= Exercise aim =
Work out the number of lines in the listing that include the string "right". Reply with that number alone.

= Data for the task =
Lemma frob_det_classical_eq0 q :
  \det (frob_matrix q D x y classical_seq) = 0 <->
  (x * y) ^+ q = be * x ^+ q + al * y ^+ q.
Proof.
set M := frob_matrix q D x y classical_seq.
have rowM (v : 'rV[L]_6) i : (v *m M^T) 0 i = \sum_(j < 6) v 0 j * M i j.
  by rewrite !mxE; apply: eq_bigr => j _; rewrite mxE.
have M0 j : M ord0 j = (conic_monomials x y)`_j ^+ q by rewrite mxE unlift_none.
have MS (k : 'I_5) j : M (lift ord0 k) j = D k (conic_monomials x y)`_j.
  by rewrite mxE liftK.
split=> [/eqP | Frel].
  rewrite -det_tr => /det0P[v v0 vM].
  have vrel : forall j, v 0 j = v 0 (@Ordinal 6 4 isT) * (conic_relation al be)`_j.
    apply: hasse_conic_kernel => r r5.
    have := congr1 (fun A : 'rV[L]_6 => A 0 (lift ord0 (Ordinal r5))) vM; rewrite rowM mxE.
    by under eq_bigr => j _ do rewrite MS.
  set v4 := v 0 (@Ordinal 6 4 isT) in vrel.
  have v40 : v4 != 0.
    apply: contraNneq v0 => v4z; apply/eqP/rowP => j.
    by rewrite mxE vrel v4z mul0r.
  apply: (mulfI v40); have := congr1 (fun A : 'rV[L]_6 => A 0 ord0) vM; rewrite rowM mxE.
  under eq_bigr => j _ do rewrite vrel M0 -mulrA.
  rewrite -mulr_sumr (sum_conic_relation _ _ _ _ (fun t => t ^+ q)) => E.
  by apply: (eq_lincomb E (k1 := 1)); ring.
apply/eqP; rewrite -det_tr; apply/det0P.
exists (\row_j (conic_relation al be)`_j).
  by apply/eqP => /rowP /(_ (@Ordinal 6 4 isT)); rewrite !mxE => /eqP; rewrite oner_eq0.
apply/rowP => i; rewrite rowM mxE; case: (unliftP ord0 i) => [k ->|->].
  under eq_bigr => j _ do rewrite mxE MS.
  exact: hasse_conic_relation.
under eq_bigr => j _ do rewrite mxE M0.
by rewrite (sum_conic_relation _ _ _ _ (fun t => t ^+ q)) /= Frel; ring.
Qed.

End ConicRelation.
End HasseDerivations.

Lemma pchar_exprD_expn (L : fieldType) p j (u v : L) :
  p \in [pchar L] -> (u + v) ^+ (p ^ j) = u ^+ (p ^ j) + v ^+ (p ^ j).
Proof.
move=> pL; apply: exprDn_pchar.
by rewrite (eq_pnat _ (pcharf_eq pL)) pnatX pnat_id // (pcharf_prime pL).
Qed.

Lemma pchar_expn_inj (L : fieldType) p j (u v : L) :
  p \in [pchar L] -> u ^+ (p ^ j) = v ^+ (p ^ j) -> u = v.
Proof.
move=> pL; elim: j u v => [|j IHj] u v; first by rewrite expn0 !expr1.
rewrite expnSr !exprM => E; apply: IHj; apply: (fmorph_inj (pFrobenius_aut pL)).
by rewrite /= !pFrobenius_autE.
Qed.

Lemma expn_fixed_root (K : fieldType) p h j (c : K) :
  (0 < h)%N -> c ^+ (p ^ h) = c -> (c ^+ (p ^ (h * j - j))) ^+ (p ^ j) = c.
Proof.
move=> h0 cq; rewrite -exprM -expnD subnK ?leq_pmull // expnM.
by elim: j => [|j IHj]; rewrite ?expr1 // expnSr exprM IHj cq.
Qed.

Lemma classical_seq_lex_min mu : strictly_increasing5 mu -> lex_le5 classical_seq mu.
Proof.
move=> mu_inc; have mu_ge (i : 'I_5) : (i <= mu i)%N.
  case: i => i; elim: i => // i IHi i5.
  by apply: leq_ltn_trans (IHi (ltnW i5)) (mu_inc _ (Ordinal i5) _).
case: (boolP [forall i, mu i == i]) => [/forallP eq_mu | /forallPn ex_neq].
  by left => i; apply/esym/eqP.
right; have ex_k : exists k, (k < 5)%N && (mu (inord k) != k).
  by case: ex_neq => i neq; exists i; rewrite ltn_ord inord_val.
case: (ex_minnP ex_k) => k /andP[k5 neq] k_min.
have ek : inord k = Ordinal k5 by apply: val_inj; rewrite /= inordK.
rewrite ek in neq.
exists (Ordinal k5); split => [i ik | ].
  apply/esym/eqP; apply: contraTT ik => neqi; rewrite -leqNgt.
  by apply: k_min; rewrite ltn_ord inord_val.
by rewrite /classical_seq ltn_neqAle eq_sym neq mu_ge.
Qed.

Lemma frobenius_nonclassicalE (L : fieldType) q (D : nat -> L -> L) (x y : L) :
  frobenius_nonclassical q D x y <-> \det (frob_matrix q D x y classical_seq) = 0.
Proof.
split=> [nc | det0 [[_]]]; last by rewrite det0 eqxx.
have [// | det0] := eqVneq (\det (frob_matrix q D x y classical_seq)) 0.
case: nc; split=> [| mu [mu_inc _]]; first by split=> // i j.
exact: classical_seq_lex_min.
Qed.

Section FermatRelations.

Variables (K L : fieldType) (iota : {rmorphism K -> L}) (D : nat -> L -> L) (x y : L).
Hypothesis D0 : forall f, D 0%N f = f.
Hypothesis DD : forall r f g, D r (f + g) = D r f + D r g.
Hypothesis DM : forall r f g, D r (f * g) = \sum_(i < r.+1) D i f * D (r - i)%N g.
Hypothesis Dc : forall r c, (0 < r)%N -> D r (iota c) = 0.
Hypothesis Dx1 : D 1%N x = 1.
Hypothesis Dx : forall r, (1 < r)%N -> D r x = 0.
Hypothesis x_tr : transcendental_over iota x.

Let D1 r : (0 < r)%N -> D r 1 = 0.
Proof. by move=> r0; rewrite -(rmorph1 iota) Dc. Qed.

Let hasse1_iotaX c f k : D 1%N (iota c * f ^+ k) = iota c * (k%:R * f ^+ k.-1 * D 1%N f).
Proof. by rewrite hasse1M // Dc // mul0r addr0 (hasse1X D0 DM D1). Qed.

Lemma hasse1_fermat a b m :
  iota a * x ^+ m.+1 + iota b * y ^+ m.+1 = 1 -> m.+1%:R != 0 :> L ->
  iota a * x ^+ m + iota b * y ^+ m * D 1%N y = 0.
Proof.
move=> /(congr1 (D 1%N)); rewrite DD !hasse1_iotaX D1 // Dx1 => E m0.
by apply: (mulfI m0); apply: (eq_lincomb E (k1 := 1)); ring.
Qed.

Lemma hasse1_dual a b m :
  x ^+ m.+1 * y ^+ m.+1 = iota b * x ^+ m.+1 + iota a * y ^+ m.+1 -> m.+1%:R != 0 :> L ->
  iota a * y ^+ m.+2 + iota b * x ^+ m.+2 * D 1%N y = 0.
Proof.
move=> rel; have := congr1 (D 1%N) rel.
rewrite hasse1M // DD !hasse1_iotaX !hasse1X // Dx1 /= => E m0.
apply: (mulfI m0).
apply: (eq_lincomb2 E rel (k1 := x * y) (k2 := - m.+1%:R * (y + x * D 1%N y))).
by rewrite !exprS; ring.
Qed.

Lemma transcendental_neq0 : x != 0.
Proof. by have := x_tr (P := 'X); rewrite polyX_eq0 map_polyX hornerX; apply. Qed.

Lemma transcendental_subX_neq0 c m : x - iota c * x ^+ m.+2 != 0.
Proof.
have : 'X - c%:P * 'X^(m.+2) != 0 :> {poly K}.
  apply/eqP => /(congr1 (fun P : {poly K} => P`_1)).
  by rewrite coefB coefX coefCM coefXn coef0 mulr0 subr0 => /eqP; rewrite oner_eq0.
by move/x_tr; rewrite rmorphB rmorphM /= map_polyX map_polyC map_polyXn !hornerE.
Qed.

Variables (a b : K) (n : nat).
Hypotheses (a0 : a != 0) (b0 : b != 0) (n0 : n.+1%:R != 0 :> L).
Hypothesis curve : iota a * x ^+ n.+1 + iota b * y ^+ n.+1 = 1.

* * *

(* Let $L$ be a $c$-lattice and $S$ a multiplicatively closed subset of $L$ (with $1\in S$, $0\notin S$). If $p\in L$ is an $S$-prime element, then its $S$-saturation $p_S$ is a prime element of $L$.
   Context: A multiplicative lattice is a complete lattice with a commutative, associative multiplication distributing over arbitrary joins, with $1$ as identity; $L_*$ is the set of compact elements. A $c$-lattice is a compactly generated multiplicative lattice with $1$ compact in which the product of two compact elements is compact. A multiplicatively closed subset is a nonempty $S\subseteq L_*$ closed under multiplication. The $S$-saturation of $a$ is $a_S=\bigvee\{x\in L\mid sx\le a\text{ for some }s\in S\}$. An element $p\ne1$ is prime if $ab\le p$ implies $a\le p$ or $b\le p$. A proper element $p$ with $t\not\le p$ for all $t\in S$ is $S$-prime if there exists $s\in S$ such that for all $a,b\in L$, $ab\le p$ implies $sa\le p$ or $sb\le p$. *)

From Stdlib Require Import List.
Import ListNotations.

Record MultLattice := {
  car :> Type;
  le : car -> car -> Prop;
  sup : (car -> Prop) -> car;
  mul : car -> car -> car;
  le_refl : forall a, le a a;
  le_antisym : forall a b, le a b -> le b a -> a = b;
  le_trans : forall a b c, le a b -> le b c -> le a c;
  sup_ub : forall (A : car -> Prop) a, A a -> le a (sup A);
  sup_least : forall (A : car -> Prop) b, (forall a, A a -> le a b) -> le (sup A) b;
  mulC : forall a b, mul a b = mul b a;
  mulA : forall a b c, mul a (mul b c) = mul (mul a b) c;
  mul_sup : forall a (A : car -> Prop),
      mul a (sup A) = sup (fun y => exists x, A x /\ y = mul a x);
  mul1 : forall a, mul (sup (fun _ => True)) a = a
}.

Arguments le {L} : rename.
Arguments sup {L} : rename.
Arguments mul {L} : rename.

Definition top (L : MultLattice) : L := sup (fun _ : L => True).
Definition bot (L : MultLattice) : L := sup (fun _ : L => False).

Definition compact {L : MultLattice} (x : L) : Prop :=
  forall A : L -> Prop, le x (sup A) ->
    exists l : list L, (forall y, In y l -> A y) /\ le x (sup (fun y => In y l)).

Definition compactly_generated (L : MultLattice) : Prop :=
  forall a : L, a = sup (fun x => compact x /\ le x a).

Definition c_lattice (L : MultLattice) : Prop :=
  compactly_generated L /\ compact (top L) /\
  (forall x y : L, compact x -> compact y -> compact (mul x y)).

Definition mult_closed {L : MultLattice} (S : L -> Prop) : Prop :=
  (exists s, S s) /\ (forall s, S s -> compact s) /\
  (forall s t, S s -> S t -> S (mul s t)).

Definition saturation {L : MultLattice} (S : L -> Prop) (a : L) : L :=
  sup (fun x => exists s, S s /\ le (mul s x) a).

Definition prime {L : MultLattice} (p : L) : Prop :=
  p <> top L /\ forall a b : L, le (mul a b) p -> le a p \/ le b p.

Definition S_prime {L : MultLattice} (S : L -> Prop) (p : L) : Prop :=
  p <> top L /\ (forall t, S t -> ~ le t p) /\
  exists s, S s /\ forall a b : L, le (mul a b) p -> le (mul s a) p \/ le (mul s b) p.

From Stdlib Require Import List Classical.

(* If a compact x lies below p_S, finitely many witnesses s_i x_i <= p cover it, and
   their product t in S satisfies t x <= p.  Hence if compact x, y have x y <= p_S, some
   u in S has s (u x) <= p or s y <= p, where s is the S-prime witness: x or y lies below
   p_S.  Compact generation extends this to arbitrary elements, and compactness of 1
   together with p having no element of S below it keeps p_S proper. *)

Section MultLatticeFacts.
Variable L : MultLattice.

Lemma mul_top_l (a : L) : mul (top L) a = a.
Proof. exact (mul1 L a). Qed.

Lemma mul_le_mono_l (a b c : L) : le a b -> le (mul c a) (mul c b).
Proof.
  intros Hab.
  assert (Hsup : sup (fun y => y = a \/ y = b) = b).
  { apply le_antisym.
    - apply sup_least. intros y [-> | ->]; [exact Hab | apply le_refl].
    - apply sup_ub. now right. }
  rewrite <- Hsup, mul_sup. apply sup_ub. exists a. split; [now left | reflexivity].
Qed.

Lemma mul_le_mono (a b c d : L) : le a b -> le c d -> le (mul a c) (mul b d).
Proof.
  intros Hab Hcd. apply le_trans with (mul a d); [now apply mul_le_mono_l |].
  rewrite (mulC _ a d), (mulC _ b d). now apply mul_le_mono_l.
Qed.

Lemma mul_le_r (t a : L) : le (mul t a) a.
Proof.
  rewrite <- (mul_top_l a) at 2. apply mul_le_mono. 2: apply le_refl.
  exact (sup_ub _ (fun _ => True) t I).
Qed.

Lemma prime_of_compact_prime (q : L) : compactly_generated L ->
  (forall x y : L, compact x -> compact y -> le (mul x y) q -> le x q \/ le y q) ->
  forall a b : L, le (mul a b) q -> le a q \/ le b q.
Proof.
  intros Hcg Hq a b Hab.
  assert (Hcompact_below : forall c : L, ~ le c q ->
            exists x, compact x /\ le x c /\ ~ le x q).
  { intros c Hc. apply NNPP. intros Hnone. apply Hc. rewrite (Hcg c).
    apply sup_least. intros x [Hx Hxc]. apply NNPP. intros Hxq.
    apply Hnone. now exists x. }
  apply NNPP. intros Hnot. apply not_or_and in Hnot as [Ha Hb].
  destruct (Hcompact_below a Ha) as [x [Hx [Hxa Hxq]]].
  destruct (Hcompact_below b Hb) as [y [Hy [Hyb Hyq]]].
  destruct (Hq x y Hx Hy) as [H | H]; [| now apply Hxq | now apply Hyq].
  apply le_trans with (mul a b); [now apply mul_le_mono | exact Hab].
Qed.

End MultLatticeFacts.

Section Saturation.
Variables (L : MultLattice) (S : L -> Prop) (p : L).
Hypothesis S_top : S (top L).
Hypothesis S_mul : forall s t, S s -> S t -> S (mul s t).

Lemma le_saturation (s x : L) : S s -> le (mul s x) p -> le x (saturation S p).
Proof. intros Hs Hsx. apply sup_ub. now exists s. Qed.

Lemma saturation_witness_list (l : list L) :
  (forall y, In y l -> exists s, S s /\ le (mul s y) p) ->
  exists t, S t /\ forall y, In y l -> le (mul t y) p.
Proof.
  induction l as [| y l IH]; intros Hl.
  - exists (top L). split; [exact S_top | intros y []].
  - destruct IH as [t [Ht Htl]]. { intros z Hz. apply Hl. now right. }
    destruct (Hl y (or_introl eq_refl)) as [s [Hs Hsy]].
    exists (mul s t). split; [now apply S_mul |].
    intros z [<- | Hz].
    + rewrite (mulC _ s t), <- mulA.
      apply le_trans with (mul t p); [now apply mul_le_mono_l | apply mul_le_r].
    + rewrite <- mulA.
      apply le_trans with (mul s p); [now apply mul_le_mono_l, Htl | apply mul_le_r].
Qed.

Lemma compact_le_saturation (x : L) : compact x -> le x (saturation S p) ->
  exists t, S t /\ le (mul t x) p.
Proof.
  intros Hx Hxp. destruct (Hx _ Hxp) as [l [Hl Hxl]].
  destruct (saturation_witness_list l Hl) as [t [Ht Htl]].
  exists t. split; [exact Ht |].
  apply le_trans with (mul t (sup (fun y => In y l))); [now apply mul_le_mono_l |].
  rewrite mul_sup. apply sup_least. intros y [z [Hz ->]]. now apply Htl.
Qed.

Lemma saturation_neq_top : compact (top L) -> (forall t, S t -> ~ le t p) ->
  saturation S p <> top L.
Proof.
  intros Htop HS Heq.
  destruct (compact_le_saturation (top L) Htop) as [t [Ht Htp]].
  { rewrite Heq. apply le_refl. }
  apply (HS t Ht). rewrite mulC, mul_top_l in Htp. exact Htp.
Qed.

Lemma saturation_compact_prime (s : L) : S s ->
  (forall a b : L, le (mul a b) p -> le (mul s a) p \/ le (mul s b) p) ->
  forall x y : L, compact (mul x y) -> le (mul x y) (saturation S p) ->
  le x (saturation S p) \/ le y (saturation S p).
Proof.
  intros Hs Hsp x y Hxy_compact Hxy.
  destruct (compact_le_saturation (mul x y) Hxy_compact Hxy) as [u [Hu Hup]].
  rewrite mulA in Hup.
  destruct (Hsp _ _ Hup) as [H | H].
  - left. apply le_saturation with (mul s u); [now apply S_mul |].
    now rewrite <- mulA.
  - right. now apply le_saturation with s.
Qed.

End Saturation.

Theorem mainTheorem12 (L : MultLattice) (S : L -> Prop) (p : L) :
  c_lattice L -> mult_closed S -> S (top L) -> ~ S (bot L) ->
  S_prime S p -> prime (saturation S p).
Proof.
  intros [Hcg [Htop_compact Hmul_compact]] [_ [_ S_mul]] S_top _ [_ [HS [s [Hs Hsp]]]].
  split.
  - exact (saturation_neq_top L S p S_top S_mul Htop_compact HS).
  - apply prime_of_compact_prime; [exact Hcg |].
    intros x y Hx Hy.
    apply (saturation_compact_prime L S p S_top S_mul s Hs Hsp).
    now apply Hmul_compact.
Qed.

= Task response =
4